Problem to solve: Your job is to set down the stretch of entries that opens with the line containing "assert (Hfix : Stretch" and closes with the line containing "intros n Hn.". Keep both end lines, copy each exactly, and add nothing.

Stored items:
——
Lemma Stretch_lt_iff x y : ltH x y <-> ltH (Stretch x) (Stretch y).
Proof.
  split; [apply Stretch_lt |]. intros H.
  destruct (ltH_total x y) as [| [<- | Hyx]]; auto; exfalso.
  - exact (ltH_irrefl _ H).
  - apply (ltH_irrefl (Stretch x)), (ltH_trans _ _ _ H), Stretch_lt, Hyx.
Qed.

Lemma Stretch_inj x y : Stretch x = Stretch y -> x = y.
Proof.
  intros H. destruct (ltH_total x y) as [Hlt | [| Hlt]]; auto; exfalso;
    apply Stretch_lt in Hlt; rewrite H in Hlt; exact (ltH_irrefl _ Hlt).
Qed.

Definition twisted_op (o : R -> R -> R) (x y : hyperreal) : hyperreal :=
  Shrink (op2 o (Stretch x) (Stretch y)).

Definition twisted : structure :=
  Structure hyperreal (embed 0) (embed 1) (op2 Rplus) (op2 Rminus) (twisted_op Rmult)
    (twisted_op rdiv0) ltH scale.

Lemma teval_twisted_add F v t : term_add F t -> teval ultrapower v t = teval twisted v t.
Proof.
  induction t; simpl; intros Ht; try tauto; f_equal; tauto.
Qed.

Lemma teval_twisted_mult F v t : term_mult F t ->
  teval ultrapower (fun k => Stretch (v k)) t = Stretch (teval twisted v t).
Proof.
  induction t; simpl; intros Ht; try tauto.
  - symmetry. apply Stretch_embed.
  - symmetry. apply Stretch_embed.
  - rewrite IHt1, IHt2 by tauto. unfold twisted_op. symmetry. apply Stretch_Shrink.
  - rewrite IHt1, IHt2 by tauto. unfold twisted_op. symmetry. apply Stretch_Shrink.
  - rewrite IHt by tauto. symmetry. apply Stretch_scale.
Qed.

Lemma twisted_model F q : in_T F q -> forall v, sat twisted v q.
Proof.
  intros [_ [Htrue [Hadd | Hmul]]] v.
  - apply (sat_transport twisted ultrapower (fun x => x) (term_add F)); auto.
    + intros y. exists y. reflexivity.
    + reflexivity.
    + intros. apply (teval_twisted_add F); auto.
    + apply ultrapower_true, Htrue.
  - apply (sat_transport twisted ultrapower Stretch (term_mult F)); auto.
    + apply Stretch_inj.
    + intros y. exists (Shrink y). apply Stretch_Shrink.
    + apply Stretch_lt_iff.
    + intros. apply (teval_twisted_mult F); auto.
    + apply ultrapower_true, Htrue.
Qed.

Lemma twisted_counterexample eps v : 0 <= eps -> ~ sat twisted v (target eps).
Proof.
  (* [1 + delta] sits at the kink of [stretch 1 _ delta], so [Stretch] fixes it, but its square
     lies beyond the kink. *)
  intros Heps H. simpl in H. specialize (H (cl (fun n => 1 + delta n))).
  unfold upd in H. simpl in H.
  assert (Hfix : Stretch (cl (fun n => 1 + delta n)) = cl (fun n => 1 + delta n)).
  { unfold Stretch. rewrite (perturb_cl _ _ 1).
    - apply cl_ext. intros n. pose proof (delta_pos n).
      unfold stretch. rewrite excess_inner; [ring | nra | nra].
    - apply st_spec, (ulim_eqU _ _ _ (eqU_sym _ _ (val_cl _))), ulim_one_plus_delta. }
  assert (Hsq : twisted_op Rmult (cl (fun n => 1 + delta n)) (cl (fun n => 1 + delta n))
                = cl (fun n => shrink 1 ((1 + delta n) * (1 + delta n)) (delta n))).
  { unfold twisted_op, Shrink. rewrite Hfix, op2_cl. apply perturb_cl.
    apply st_spec, (ulim_eqU _ _ _ (eqU_sym _ _ (val_cl _))), ulim_square_one_plus_delta. }
  rewrite Hsq in H. unfold embed in H. rewrite !scale_cl, !op2_cl in H.
  assert (Hbelow : U (fun n =>
    shrink 1 ((1 + delta n) * (1 + delta n)) (delta n) - 2 * (1 + delta n) + 1 < 0)).
  { apply (U_mp _ _ (uf_tail U HU 1)). intros n Hn.
    apply shrink_square_below. split; [apply delta_pos | apply delta_lt_one, Hn]. }
  destruct H as [H | H]; [apply (proj1 (ltH_cl _ _)) in H | apply (proj1 (cl_eq _ _)) in H];
    apply (U_contra _ (uf_and U HU _ _ H Hbelow)); intros n []; lra.
Qed.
——
Solution:
  assert (Hfix : Stretch (cl (fun n => 1 + delta n)) = cl (fun n => 1 + delta n)).
  { unfold Stretch. rewrite (perturb_cl _ _ 1).
    - apply cl_ext. intros n. pose proof (delta_pos n).
      unfold stretch. rewrite excess_inner; [ring | nra | nra].
    - apply st_spec, (ulim_eqU _ _ _ (eqU_sym _ _ (val_cl _))), ulim_one_plus_delta. }
  assert (Hsq : twisted_op Rmult (cl (fun n => 1 + delta n)) (cl (fun n => 1 + delta n))
                = cl (fun n => shrink 1 ((1 + delta n) * (1 + delta n)) (delta n))).
  { unfold twisted_op, Shrink. rewrite Hfix, op2_cl. apply perturb_cl.
    apply st_spec, (ulim_eqU _ _ _ (eqU_sym _ _ (val_cl _))), ulim_square_one_plus_delta. }
  rewrite Hsq in H. unfold embed in H. rewrite !scale_cl, !op2_cl in H.
  assert (Hbelow : U (fun n =>
    shrink 1 ((1 + delta n) * (1 + delta n)) (delta n) - 2 * (1 + delta n) + 1 < 0)).
  { apply (U_mp _ _ (uf_tail U HU 1)). intros n Hn.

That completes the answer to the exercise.